I was told by Sledhead to be patient but I told him "patience my A__, I wanna kill something".... A takeoff from the two Vultures sitting in a tree in the desert waiting for something to die.

Great news! Thanks Dan!


Karl


----------



## XeRay (Jun 25, 2019)

XeRay said:


> Waiting for the PO I have worked on for 2+ years to be in hand. Should be this week or next week the latest.
> I don't want to commit to firm prices until I have that. No back pedaling from me.



The order came in this week.
So we can finalize everything for you guys.


----------



## XeRay (Jul 1, 2019)

I need you guys to call me so we can wrap things up for you 4, can't publish it all here.
phone number on the website.
Call ASAP need to get it all finalized.

Calls received, and all "in process". 4 people now.


----------



## karlthev (Jul 2, 2019)

"Roger Wilco"! 

Spoke earlier Dan. Just know you'll not forget our scintillating conversation soon! Yeah, karlthev musta looked that one up! Anyway, we're good. 

Please all you other folk(s) git yer orders in!


Karl


----------



## toolboy (Jul 6, 2019)

Already did, I was first to call. Now the wait till it all comes in. This will give me something to look forward to in October. After October is roughly 7 months of winter where I live.


----------



## sledhead (Jul 6, 2019)

Order in also. :thumbsup:

" I need more power Scotty! "


----------



## XeRay (Sep 24, 2019)

We should be ready to ship out all 4 of you guys various accessories purchases about the middle of October.


----------



## toolboy (Sep 30, 2019)

Thanks for the update


----------



## XeRay (Oct 7, 2019)

toolboy said:


> Thanks for the update



We are ready to ship all of you 4 guys, your "options" purchases.
Please call in to arrange shipping, desired speed etc. 
We use FedEx ground as our normal standard method and speed of shipping.


----------



## toolboy (Oct 7, 2019)

I will call tomorrow.


----------



## XeRay (Oct 9, 2019)

toolboy said:


> I will call tomorrow.



All 4 individuals were shipped Tuesday October 8th. 
Depending on distance and location by FEDEX GROUND from me to you, you will receive your items between October 10th Thursday and Monday or Tuesday (next week).


----------



## XeRay (Oct 10, 2019)

XeRay said:


> All 4 individuals were shipped Tuesday October 8th.
> Depending on distance and location by FEDEX GROUND from me to you, you will receive your items between October 10th Thursday and Monday or Tuesday (next week).
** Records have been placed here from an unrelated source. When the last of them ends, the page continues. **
Lemma mcs_and a b : mx (And a b) <-> mx a /\ mx b.
Proof.
  split.
  - intros H. split; apply mcs_closed, (derives_taut_conseq _ [And a b]);
      try (intros e [<-|[]]; apply derives_mem, H);
      intros v Hv; specialize (Hv _ (or_introl eq_refl)); cbn in Hv;
      apply andb_true_iff in Hv; tauto.
  - intros [H1 H2]. apply mcs_closed, (derives_taut_conseq _ [a; b]).
    + intros e [<-|[<-|[]]]; apply derives_mem; assumption.
    + intros v Hv. cbn. apply andb_true_iff. split; apply Hv; cbn; auto.
Qed.

Lemma mcs_mp a b : der (Imp a b) -> mx a -> mx b.
Proof.
  intros Hd Ha. apply mcs_closed.
  exact (derives_mp _ _ _ (derives_derivable _ _ Hd) (derives_mem _ _ Ha)).
Qed.

End MaximalConsistent.

Section Lindenbaum.
Variable code : form -> nat.
Hypothesis code_inj : forall a b, code a = code b -> a = b.
Variable G : form -> Prop.
Hypothesis G_consistent : consistent G.

(* Stage [n + 1] decides the (unique) formula with code [n]. *)
Fixpoint chain (n : nat) : form -> Prop :=
  match n with
  | 0 => G
  | S n => fun c => chain n c \/ (code c = n /\ consistent (fun d => chain n d \/ d = c))
  end.

Lemma chain_mono n m c : n <= m -> chain n c -> chain m c.
Proof. induction 1; auto. intros H0. left. auto. Qed.

Lemma chain_consistent n : consistent (chain n).
Proof.
  induction n as [|n IH]; cbn; auto.
  destruct (classic (exists c, code c = n /\ consistent (fun d => chain n d \/ d = c)))
    as [[c [Hc Hcons]]|Hno].
  - refine (consistent_mono _ _ _ Hcons). intros b [Hb|[Hb _]]; auto.
    right. apply code_inj. congruence.
  - refine (consistent_mono _ _ _ IH). intros b [Hb|[Hb Hcons]]; auto.
    exfalso. apply Hno. eauto.
Qed.
(* Let $\gamma\in(0,1)$ be a discount factor, $H\ge 1$ a planning horizon, $f$ the true (stochastic) transition map and $f_\phi$ an approximate transition map such that for every state–action pair $(x,u)$ the total variation distance between $f(\cdot\mid x,u)$ and $f_\phi(\cdot\mid x,u)$ is at most $\epsilon_f$. For a state $x_t$ and a control-distribution parameter $\tilde\eta_t$, let $$J(x_t,\tilde\eta_t)=\mathbb{E}_{\mathbf{u}_t\sim\pi_{\tilde\eta_t},\,\mathbf{x}_t\sim f_\phi}\big[C(\mathbf{x}_t,\mathbf{u}_t)\big],\qquad J_r(x_t,\tilde\eta_t)=\mathbb{E}_{\mathbf{u}_t\sim\pi_{\tilde\eta_t},\,\mathbf{x}_t\sim f}\big[C(\mathbf{x}_t,\mathbf{u}_t)\big],$$ where $C(\mathbf{x}_t,\mathbf{u}_t)=\sum_{h=0}^{H-1}\gamma^h c(x_{t,h},u_{t,h})+\gamma^H c_H(x_{t,H})$ with $c=-r$ and terminal cost $c_H(x)=-V_\zeta(x)$. Suppose $|c|\le c_{max}$ and $|V_\zeta|\le V_{max}$. Then $$J(x_t,\tilde\eta_t)-J_r(x_t,\tilde\eta_t)\le 2c_{max}\frac{(H-1)\gamma^{H+1}-H\gamma^H+\gamma}{(1-\gamma)^2}\,\epsilon_f+2\gamma^H V_{max}H\epsilon_f=:R_{f,H}.$$
   Context: Setting: a Markov decision process with state set $\mathcal{X}\subset\mathbb{R}^n$, action set $\mathcal{U}\subset\mathbb{R}^m$, reward $r:\mathcal{X}\times\mathcal{U}\to\mathbb{R}$. An $H$-step rollout from $x_t$ consists of states $\mathbf{x}_t=(x_{t,0},\dots,x_{t,H})$ with $x_{t,0}=x_t$ and controls $\mathbf{u}_t=(u_{t,0},\dots,u_{t,H-1})$, where $\mathbf{u}_t$ is sampled from a control distribution $\pi_{\tilde\eta_t}$ (parameterized by $\tilde\eta_t=(\tilde\eta_{t,0},\dots,\tilde\eta_{t,H-1})$) and $x_{t,h+1}\sim f_\phi(x_{t,h},u_{t,h})$ (for $J$) or $x_{t,h+1}\sim f(x_{t,h},u_{t,h})$ (for $J_r$). $V_\zeta$ is a value-function estimate used as terminal reward. $c_{max}$ bounds the stage cost and $V_{max}$ bounds the value function. *)

From HB Require Import structures.
From mathcomp Require Import all_boot all_order all_algebra.
From mathcomp Require Import all_classical all_reals all_analysis.
Set Implicit Arguments. Unset Strict Implicit. Unset Printing Implicit Defensive.
Import Order.TTheory GRing.Theory Num.Theory.
Local Open Scope classical_set_scope.
Local Open Scope ring_scope.
Local Open Scope ereal_scope.
(* Only finitely many edges enter [s]. *)
Lemma overflow_in_stage C X s :
  exists n, forall u, E u s -> overflow C X (u, s) -> stage C X n (u, s).
Proof.
  assert (hlist : forall l : list V,
    exists n, forall u, In u l -> overflow C X (u, s) -> stage C X n (u, s)).
  { induction l as [|a l [n IH]]; [exists 0; intros u []|].
    destruct (classic (overflow C X (a, s))) as [[m hm]|na].
    - exists (max n m). intros u [<-|hu] hov.
      + exact (stage_mono C X m _ _ (Nat.le_max_r n m) hm).
      + exact (stage_mono C X n _ _ (Nat.le_max_l n m) (IH u hu hov)).
    - exists n. intros u [<-|hu] hov; [contradiction|exact (IH u hu hov)]. }
  destruct (hlist (children s)) as [n hn]. exists n. intros u hu.
  apply hn, children_spec, hu.
Qed.

Lemma overflow_closed_overflow C X : overflow_closed C X (overflow C X).
Proof.
  split; [intros e h; exists 0; exact h|].
  intros s t est nx hlt. destruct (overflow_in_stage C X s) as [n hn].
  exists (S n). simpl. right. split; [exact est|split; [exact nx|]].
  eapply Nat.lt_le_trans; [exact hlt|]. apply in_count_mono. exact hn.
Qed.

Lemma overflow_closed_antitone C (X1 X2 Z : eset V) :
  (forall e, X1 e -> X2 e) -> overflow_closed C X1 Z -> overflow_closed C X2 Z.
Proof.
  intros hX [hstart hstep]. split.
  - intros e [he [hx hc]]. apply hstart. split; [exact he|split; auto].
  - intros s t est nx hlt. apply hstep; auto.
    eapply Nat.le_lt_trans; [|exact hlt]. apply in_count_mono. auto.
Qed.
(* Means in A_m with m in P vanish on f - g, and U-many of them approximate mu. *)
Lemma in_AU_eq_on_cards (U : (nat -> Prop) -> Prop) (mu : (tree -> R) -> R)
    (P : nat -> Prop) (f g : tree -> R) :
  is_ultrafilter U -> in_AU U mu -> U P -> bounded f -> bounded g ->
  (forall t, P (card t) -> f t = g t) -> mu f = mu g.
Proof.
  intros hU [Hm HA] HP Hf Hg Hfg.
  set (h := fun t => f t - g t).
  assert (Hh : bounded h) by (apply bounded_sub; auto).
  enough (mu h = 0) by (unfold h in *; rewrite mean_sub in H; auto; lra).
  apply NNPP; intros Hne.
  assert (Hpos : 0 < Rabs (mu h)) by (apply Rabs_pos_lt; auto).
  assert (Hball : Rabs (mu h - mu h) < Rabs (mu h)) by (rewrite Rminus_diag, Rabs_R0; auto).
  specialize (HA _ (wopen_ball h (mu h) (Rabs (mu h)) Hh) Hball).
  destruct (uf_nonempty U hU _ (uf_and U hU _ _ HA HP)) as [m [[nu [[l [Hl [_ Hnu]]] Hnear]] Pm]].
  rewrite Hnu, (wsum_zero_on_card l h m Hl) in Hnear.
  - rewrite Rminus_0_l, Rabs_Ropp in Hnear; lra.
  - intros t <-; unfold h; rewrite Hfg; auto; ring.
Qed.

Lemma wsum_map (l : list (R * tree)) (f : tree -> R) (g : tree -> tree) :
  wsum (map (fun p => (fst p, g (snd p))) l) f = wsum l (fun t => f (g t)).
Proof. induction l as [| p l IH]; simpl; auto; rewrite IH; auto. Qed.

Lemma in_A_pushforward (m : nat) (nu : (tree -> R) -> R) (g : tree -> tree) :
  (forall t, card (g t) = card t) -> in_A m nu -> in_A m (pushforward nu g).
Proof.
  intros Hg [l [Hl [Hsum Hnu]]].
  exists (map (fun p => (fst p, g (snd p))) l); split; [| split].
  - rewrite Forall_map; eapply Forall_impl; [| exact Hl].
    intros [w t]; simpl; rewrite Hg; auto.
  - rewrite wsum_map; auto.
  - intros f; unfold pushforward; rewrite wsum_map; apply Hnu.
Qed.

Lemma in_AU_pushforward (U : (nat -> Prop) -> Prop) (mu : (tree -> R) -> R) (g : tree -> tree) :
  is_ultrafilter U -> (forall t, card (g t) = card t) -> in_AU U mu -> in_AU U (pushforward mu g).
Proof.
  intros hU Hg [Hm HA]; split; [apply is_mean_pushforward; auto |].
  intros W HW HWmu.
  set (W' := fun lam => W (pushforward lam g)).
  assert (HW' : wopen W').
  { intros nu Hnu HWnu.
    destruct (HW _ (is_mean_pushforward nu g Hnu) HWnu) as [fs [eps [He [Hfs Hnear]]]].
    exists (map (fun f t => f (g t)) fs), eps; split; [exact He | split].
    - rewrite Forall_map; eapply Forall_impl; [| exact Hfs]; intros f; apply bounded_comp.
    - intros lam Hlam Hclose; apply Hnear; [apply is_mean_pushforward; auto |].
      intros f Hf; apply (Hclose (fun t => f (g t))), (in_map (fun f t => f (g t))); auto. }
  apply (uf_mono U hU _ _ (HA W' HW' HWmu)).
  intros n [nu [Hnu HWnu]]; exists (pushforward nu g); split; auto.
  apply in_A_pushforward; auto.
Qed.

Lemma idem_pushforward (U : (nat -> Prop) -> Prop) (mu : (tree -> R) -> R) (g : tree -> tree) :
  is_ultrafilter U -> in_AU U mu -> idem mu ->
  U (fun m => U (fun n => forall x y, card x = m -> card y = n ->
                            g (Node x y) = Node (g x) (g y))) ->
  idem (pushforward mu g).
Proof.
  intros hU HA [Hm Hid] Hhom; split; [apply is_mean_pushforward; auto |].
  intros f Hf; unfold conv, pushforward.
  rewrite <- (Hid _ (bounded_comp f g Hf)); unfold conv.
  destruct Hf as [B HB].
  apply (in_AU_eq_on_cards U mu _ _ _ hU HA Hhom);
    try (apply (bounded_mean_family mu Hm _ B); intros; apply HB).
  intros x Hx.
  apply (in_AU_eq_on_cards U mu _ _ _ hU HA Hx); try (exists B; intros; apply HB).
  intros y Hy; rewrite (Hy x y); reflexivity.
Qed.

(** * Coding bit sequences into trees *)

(* [spine r (k + 2)] records the bit [r k] by the side on which its left-over leaf hangs. *)
Fixpoint spine (r : nat -> bool) (n : nat) : tree :=
  match n with
  | O => Leaf
  | S O => Node Leaf Leaf
  | S (S k as n') => if r k then Node Leaf (spine r n') else Node (spine r n') Leaf
  end.

Definition tag (r : nat -> bool) (N : nat) : tree := Node Leaf (spine r (N - 2)).

(* The blocks of parity p are the dyadic ranges [2^(2k+4+p), 2^(2k+5+p)); the offset 4 makes
   a tag of cardinality at least 2^(2k+5) long enough to record the bit k. *)
Definition in_block (p n : nat) : bool :=
  (4 + p <=? Nat.log2 n)%nat && Nat.even (Nat.log2 n - (4 + p)).

Definition block_index (p n : nat) : nat := Nat.div2 (Nat.log2 n - (4 + p)).

Definition kept (p : nat) (r : nat -> bool) (m n : nat) : bool :=
  (2 <=? m)%nat && (m <? n)%nat && negb (in_block p n && r (block_index p n)).

(* A tag has a leaf as left child, so it never coincides with the image of a kept node. *)
Fixpoint recode (p : nat) (r : nat -> bool) (t : tree) : tree :=
  match t with
  | Leaf => Leaf
  | Node x y =>
      if kept p r (card x) (card y) then Node (recode p r x) (recode p r y)
      else tag r (card x + card y)
  end.

Definition image_of (g : tree -> tree) (t : tree) : bool :=
  if excluded_middle_informative (exists u, g u = t) then true else false.

Lemma card_pos (t : tree) : (1 <= card t)%nat.
Proof. induction t; simpl; lia. Qed.

Lemma card_spine (r : nat -> bool) (n : nat) : card (spine r n) = S n.
Proof.
  induction n as [| [| n] IH]; simpl; auto.
  simpl in IH; destruct (r n); simpl; rewrite IH; lia.
Qed.

Lemma card_recode (p : nat) (r : nat -> bool) (t : tree) : card (recode p r t) = card t.
Proof.
  induction t as [| x IHx y IHy]; simpl; auto.
  destruct (kept p r (card x) (card y)); simpl; [lia |].
  rewrite card_spine; pose proof (card_pos x); pose proof (card_pos y); lia.
Qed.

Lemma kept_left_card (p : nat) (r : nat -> bool) (m n : nat) : kept p r m n = true -> (2 <= m)%nat.
Proof. unfold kept; intros H; repeat apply andb_prop in H as [H _]; apply Nat.leb_le, H. Qed.

Lemma spine_inj (r s : nat -> bool) (n : nat) :
  spine r n = spine s n -> forall k, (k + 2 <= n)%nat -> r k = s k.
Proof.
  induction n as [| [| n] IH]; intros Heq k Hk; try lia.
  assert (Hnleaf : forall q, Leaf <> spine q (S n))
    by (intros q E; apply (f_equal card) in E; rewrite card_spine in E; simpl in E; lia).
  simpl in Heq; fold (spine r (S n)) (spine s (S n)) in Heq.
  destruct (Nat.eq_dec k n) as [-> | Hne].
  - destruct (r n), (s n); auto; injection Heq; intros; exfalso; eapply Hnleaf; eauto.
  - apply IH; [| lia].
    destruct (r n), (s n); injection Heq; intros; auto; exfalso; eapply Hnleaf; eauto.
Qed.

Lemma log2_block (p k n : nat) :
  (2 ^ (2 * k + 4 + p) <= n < 2 ^ (2 * k + 5 + p))%nat ->
  in_block p n = true /\ block_index p n = k.
Proof.
  intros Hn.
  assert (Hlog : Nat.log2 n = (2 * k + 4 + p)%nat).
  { apply Nat.log2_unique; [lia |].
    replace (S (2 * k + 4 + p)) with (2 * k + 5 + p)%nat by lia; lia. }
  unfold in_block, block_index; rewrite Hlog.
  replace (2 * k + 4 + p - (4 + p))%nat with (2 * k)%nat by lia.
  rewrite Nat.div2_double; split; auto.
  apply andb_true_intro; split; [apply Nat.leb_le; lia | apply Nat.even_spec; exists k; lia].
Qed.

Lemma in_block_parities (n : nat) : in_block 0 n = true -> in_block 1 n = true -> False.
Proof.
  unfold in_block; intros H0 H1.
  apply andb_prop in H0 as [A0 B0]; apply andb_prop in H1 as [A1 B1].
  apply Nat.leb_le in A0; apply Nat.leb_le in A1.
  apply Nat.even_spec in B0 as [a Ha]; apply Nat.even_spec in B1 as [b Hb]; simpl in *; lia.
Qed.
S.C. (CA) was delivered Thursday, Toolboy was delivered TODAY Friday (11th). The other 2 Sledhead and Karlthev should deliver Saturday or Monday 14th.
Saturday possible delivery for Karl (PA) is more likely than Sledhead due to location both packages were in PA on Friday morning.


----------



## toolboy (Oct 11, 2019)

I just got mine 10 minutes ago. All arrived fine. I will try to post pics of the same area and coverage differences between the lx70 head and the superpower head so others can see how the two heads differ shining at the same landscape. I do want to say this. I use a 6000 lumen fenix RC40 as my daily duty light both on and off duty. I use it because it will run about 20 minutes before stepping down due to heat. I have grown accustomed to that one and my other leds getting warm and then real hot when actually used on calls for service. 
The other night I went for a walk to the quarry near me. I ran the ultra 85 on low most of the time but switched to high a couple times. I talked to a fisherman on the dock and illuminated the fish for him down to about 15 ft. He thought that was incredible. But what I thought was incredible was that I had run the ultra 85 for 90 minutes continually and it wasn't even warm, at all. I had forgotten just how much better the hid was for heat management than leds are. I am a believer for life. By the way when the Fed Ex guy was fumbling around with my box as he wanted me to sign for it, I warned him that what was in the box was dam expensive. When I told him it was flashlight parts he was stunned. I simply told him, You ought to see the light!"


----------



## XeRay (Oct 12, 2019)

All 4 packages have been delivered now.
"Mission complete".


----------



## Bimmerboy (Oct 31, 2019)

Thanks to Sled, I got to play with that super-high quality beast about a month ago. By far the craziest, most expensive thrower I'm likely to ever hold. In fact, it was my first HID, and also my first real thrower of any kind. What an introduction!!!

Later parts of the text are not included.